What’s that? says Joe.
Here you are, says Alf, chucking out the
rhino. Talking about hanging,
I’ll show you something you never saw.
Hangmen’s letters. Look at here.
So he took a bundle of wisps of letters and envelopes
out of his pocket.
Are you codding? says I.
Honest injun, says Alf. Read them.
So Joe took up the letters.
Who are you laughing at? says Bob Doran.
So I saw there was going to be a bit
of a dust Bob’s a queer chap when the porter’s
up in him so says I just to make talk:
How’s Willy Murray those times,
Alf?
I don’t know, says Alf I saw him
just now in Capel street with Paddy
Dignam. Only I was running after that...
You what? says Joe, throwing down the
letters. With who?
With Dignam, says Alf.
Is it Paddy? says Joe.
Yes, says Alf. Why?
Don’t you know he’s dead?
says Joe.
Paddy Dignam dead! says Alf.
Ay, says Joe.
Sure I’m after seeing
him not five minutes ago, says Alf, as plain as a
pikestaff.
Who’s dead? says Bob Doran.
You saw his ghost then, says Joe, God
between us and harm.
What? says Alf. Good
Christ, only five... What?... And Willy Murray
with him, the two of them there near whatdoyoucallhim’s...
What? Dignam dead?
What about Dignam? says Bob Doran.
Who’s talking about...?
Dead! says Alf.

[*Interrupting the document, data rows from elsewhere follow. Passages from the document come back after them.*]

(* Let $m\ge 7$ be an integer. Then for every integer $n\ge m-1$, $$F_{n+2^{m-6},2}\equiv F_{n,2}\pmod{2^m},$$ i.e. from the term of index $m-1$ onward the sequence $(F_{n,2}\bmod 2^m)_{n\ge0}$ is periodic with period $2^{m-6}$.
   Context: For positive integers $r\le m\le n$, $S_r(n,m)$ denotes the $r$-Stirling number of the second kind: the number of partitions of $\{1,\dots,n\}$ into $m$ non-empty blocks such that $1,\dots,r$ lie in pairwise distinct blocks. For a positive integer $r$ and integer $n\ge 0$, the $r$-Fubini number is $F_{n,r}=\sum_{k=0}^{n}(k+r)!\,S_r(n+r,k+r)$. *)

From mathcomp Require Import all_boot.
Set Implicit Arguments. Unset Strict Implicit. Unset Printing Implicit Defensive.

(* r-Stirling number of the second kind: number of partitions of
   {1,...,n} (encoded as 'I_n, element k+1 <-> ordinal k) into m non-empty
   blocks such that 1,...,r (ordinals of value < r) lie in pairwise distinct blocks. *)
Definition rstirling2 (r n m : nat) : nat :=
  #|[set P : {set {set 'I_n}} |
      [&& partition P [set: 'I_n], #|P| == m &
          [forall i : 'I_n, forall j : 'I_n,
             ((i < r) && (j < r) && (i != j)) ==> (pblock P i != pblock P j)]]]|.

Definition rfubini (n r : nat) : nat :=
  \sum_(0 <= k < n.+1) (k + r)`! * rstirling2 r (n + r) (k + r).

From mathcomp Require Import all_boot all_algebra.
From mathcomp Require Import ring zify.
Set Implicit Arguments. Unset Strict Implicit. Unset Printing Implicit Defensive.
Import GRing.Theory Num.Theory.

(* Sorting the maps {1..n+2} -> {1..X} that separate 1 and 2 by their kernel
   partitions gives X^(n+2) - X^(n+1) = sum_K S_2(n+2,K) X(X-1)...(X-K+1).  Hence
   (k+2)! S_2(n+2,k+2) is the (k+2)-th forward difference of x^(n+2) - x^(n+1) at 0,
   and F_{n,2} is the sum of these differences.  A j-th difference at 0 is divisible
   by j!, so modulo 2^m only the first 2m-2 of them count, and expanding them
   writes F_{n,2} = sum_i a_i b_i^(n+1) mod 2^m for fixed integers a_i, b_i; once
   n >= m-1 the even bases drop out.  An odd base has b^2 = 1 + 8w, and squaring
   repeatedly gives b^(2^(s+1)) = 1 + 8Pw + 32P(P-1)w^2 mod 128P, where P = 2^s.
   So shifting n by 2^(s+1) changes F_{n,2} modulo 2^(s+7) = 128P by 8PA + 32P(P-1)B,
   with A = sum a_i b_i^(n+1) w_i and B = sum a_i b_i^(n+1) w_i^2.  The cases m = 7
   and m = 8 of the theorem, which are finite computations modulo 16, amount to
   16 | A and 4 | B, and these make the shift vanish for every m. *)

Lemma card_partition_le (T : finType) (P : {set {set T}}) (D : {set T}) :
  partition P D -> #|P| <= #|D|.
Proof.
move=> partP; rewrite (card_partition partP) -sum1_card leq_sum // => A PA.
by rewrite card_gt0 (partition_neq0 partP PA).
Qed.

Lemma rstirling2_small r N K : N < K -> rstirling2 r N K = 0.
Proof.
move=> ltNK; apply: eq_card0 => P; rewrite !inE; apply/and3P => -[partP /eqP cardP _].
by have := card_partition_le partP; rewrite cardP cardsT card_ord leqNgt ltNK.
Qed.

Section KernelPartition.
Variables (N X : nat).
Implicit Type P : {set {set 'I_N}}.
(* Fix $n\ge1$, $\tau>0$, $\beta\in(0,1)$ and use the notation of the context, with $\bar r=\sqrt{R^2-s^2}$. For $x\in\mathbb{R}^n$ with $|x|\le\beta R$ and $r\in(R-s,R+s)$: \[ \cos\theta(x,r)=\frac{r^2+\bar r^2}{2Rr},\qquad \partial_r\theta(x,r)=-\frac{1}{\sin\theta(x,r)}\cdot\frac{r^2-\bar r^2}{2Rr^2}. \] Moreover $h(x,\cdot)>0$ on $(R-s,R+s)$ and $h=0$ at $r=R\pm s$, and \[ \gamma'(\theta(x,r))\,\partial_r\theta(x,r)=-\frac{1+O(N^{-1})}{4\sqrt{\pi\tau}\,r^2}\,(r^2-\bar r^2)\Big(1-\frac{(r^2+\bar r^2)^2}{8N\tau r^2}\Big)^{\frac{N-3}{2}}, \] where $\gamma'$ is the derivative of $\gamma$ in $\theta$ and $O(N^{-1})$ is bounded by a constant times $N^{-1}$ independent of $N$.
   Context: For $N\ge3$: $R=\sqrt{2N\tau}$, $\bar y\in\mathbb{R}^N$ with $|\bar y|=R$; for $|x|\le\beta R$, $s=s(x)=\sqrt{\beta^2R^2-|x|^2}$. $\gamma(\theta)=\gamma(N,\theta)$ is the fraction of the volume of $S^{N-1}$ contained in a geodesic ball of radius $\theta\in[0,\pi]$. For $r\in[R-s,R+s]$, the part of the sphere $\{|y|=r\}\subset\mathbb{R}^N$ inside $B_s(\bar y)$ is a spherical cap centered at $r\bar y/R$; $\theta(x,r)$ is its angular radius. $h(x,r)=r\,\gamma(\theta(x,r))$. *)

From mathcomp Require Import all_boot all_order all_algebra.
From mathcomp Require Import all_classical all_reals all_analysis.
Set Implicit Arguments. Unset Strict Implicit. Unset Printing Implicit Defensive.
Import Order.TTheory GRing.Theory Num.Theory.
Import numFieldNormedType.Exports.
Local Open Scope classical_set_scope.
Local Open Scope ring_scope.

Definition dotv (R : realType) (N : nat) (u v : 'rV[R]_N) : R :=
  \sum_(i < N) u ord0 i * v ord0 i.

Definition enorm (R : realType) (N : nat) (u : 'rV[R]_N) : R :=
  Num.sqrt (dotv u u).

Definition vangle (R : realType) (N : nat) (u v : 'rV[R]_N) : R :=
  acos (dotv u v / (enorm u * enorm v)).

Definition Rad (R : realType) (N : nat) (tau : R) : R :=
  Num.sqrt (2 * N%:R * tau).

Definition s_of_x (R : realType) (n : nat) (beta Rr : R) (x : 'rV[R]_n) : R :=
  Num.sqrt (beta ^+ 2 * Rr ^+ 2 - enorm x ^+ 2).

Definition sphere_cap (R : realType) (N : nat) (ybar : 'rV[R]_N) (s r : R)
  : set 'rV[R]_N :=
  [set y | enorm y = r /\ enorm (y - ybar) <= s].

Definition cap_theta (R : realType) (N : nat) (ybar : 'rV[R]_N) (s r : R) : R :=
  sup [set vangle y ((r / enorm ybar) *: ybar) | y in sphere_cap ybar s r].

(* gamma(N, theta): fraction of the volume (surface measure) of S^{N-1}
   contained in a geodesic ball of radius theta in [0, pi]:
   int_0^theta sin^{N-2} / int_0^pi sin^{N-2}. *)
Definition gammaS (R : realType) (N : nat) (th : R) : R :=
  (\int[lebesgue_measure]_(t in `[0, th]) (sin t ^+ (N - 2)%N)) /
  (\int[lebesgue_measure]_(t in `[0, pi]) (sin t ^+ (N - 2)%N)).

Definition h_of (R : realType) (N : nat) (ybar : 'rV[R]_N) (s r : R) : R :=
  r * gammaS N (cap_theta ybar s r).

From mathcomp Require Import all_boot all_order all_algebra.
From mathcomp Require Import all_classical all_reals all_analysis.
From mathcomp Require Import lra ring.
Import Order.TTheory GRing.Theory Num.Theory.
Import numFieldNormedType.Exports.
Local Open Scope classical_set_scope.
Local Open Scope ring_scope.

(* A point y with |y| = r lies in B_s(ybar) iff |y - ybar|^2 <= s^2, i.e. iff
   <y, ybar> >= (r^2 + R^2 - s^2) / 2; in dimension >= 2 this bound is attained,
   so the cap has angular radius theta = acos ((r^2 + rb^2) / (2 R r)), and the
   derivative of acos gives d theta / dr.  Writing W_m = int_0^pi sin^m, one has
   gamma(theta) = int_0^theta sin^(N-2) / W_(N-2), hence gamma'(theta) =
   sin^(N-2) theta / W_(N-2); substituting sin^2 theta = 1 - cos^2 theta yields
   the stated formula with 1 + e = 2 sqrt(pi tau) / (R W_(N-2)).  Wallis'
   identity (m+1) W_m W_(m+1) = 2 pi and the monotonicity of W_m give
   (N-2) W_(N-2)^2 <= 2 pi <= (N-1) W_(N-2)^2, whence |e| <= 2/N. *)

Local Ltac nonzero := rewrite ?pnatr_eq0; repeat (apply/andP; split) => //.

Lemma le_acos {R : realType} (a b : R) : -1 <= a -> a <= b -> b <= 1 ->
  acos b <= acos a.
Proof.
move=> a1 ab b1; have a1' := le_trans ab b1; have b1' := le_trans a1 ab.
have acos_itv (x : R) : -1 <= x -> x <= 1 -> acos x \in `[0, pi].
  by move=> x1 x1'; rewrite in_itv /= acos_ge0 ?acos_lepi ?x1.
rewrite leNgt -ltr_cos ?acos_itv // !acosK ?in_itv /= ?a1 ?a1' ?b1 ?b1' //.
by rewrite -leNgt.
Qed.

He’s no more
dead than you are.
Maybe so, says Joe.
They took the liberty of burying him this morning
anyhow.
Paddy? says Alf.
Ay, says Joe. He paid the debt of
nature, God be merciful to him.
Good Christ! says Alf.
Begob he was what you might call flabbergasted.
In the darkness spirit hands were
felt to flutter and when prayer by tantras had been
directed to the proper quarter a faint but increasing
luminosity of ruby light became gradually visible,
the apparition of the etheric double being particularly
lifelike owing to the discharge of jivic rays from
the crown of the head and face. Communication
was effected through the pituitary body and also by
means of the orangefiery and scarlet rays emanating
from the sacral region and solar plexus. Questioned
by his earthname as to his whereabouts in the heavenworld
he stated that he was now on the path of pr l
ya or return but was still submitted to trial
at the hands of certain bloodthirsty entities on the
lower astral levels. In reply to a question as
to his first sensations in the great divide beyond
he stated that previously he had seen as in a glass
darkly but that those who had passed over had summit
possibilities of atmic development opened up to them.
Interrogated as to whether life there resembled our
experience in the flesh he stated that he had heard
from more favoured beings now in the spirit that their
abodes were equipped with every modern home comfort
such as talafana, alavatar, hatakalda, wataklasat
and that the highest adepts were steeped in waves
of volupcy of the very purest nature. Having requested
a quart of buttermilk this was brought and evidently
afforded relief. Asked if he had any message
for the living he exhorted all who were still at the
wrong side of Maya to acknowledge the true path for
it was reported in devanic circles that Mars and Jupiter
were out for mischief on the eastern angle where the
ram has power. It was then queried whether there
were any special desires on the part of the defunct
and the reply was: We greet you, friends of
earth, who are still in the body. Mind C. K.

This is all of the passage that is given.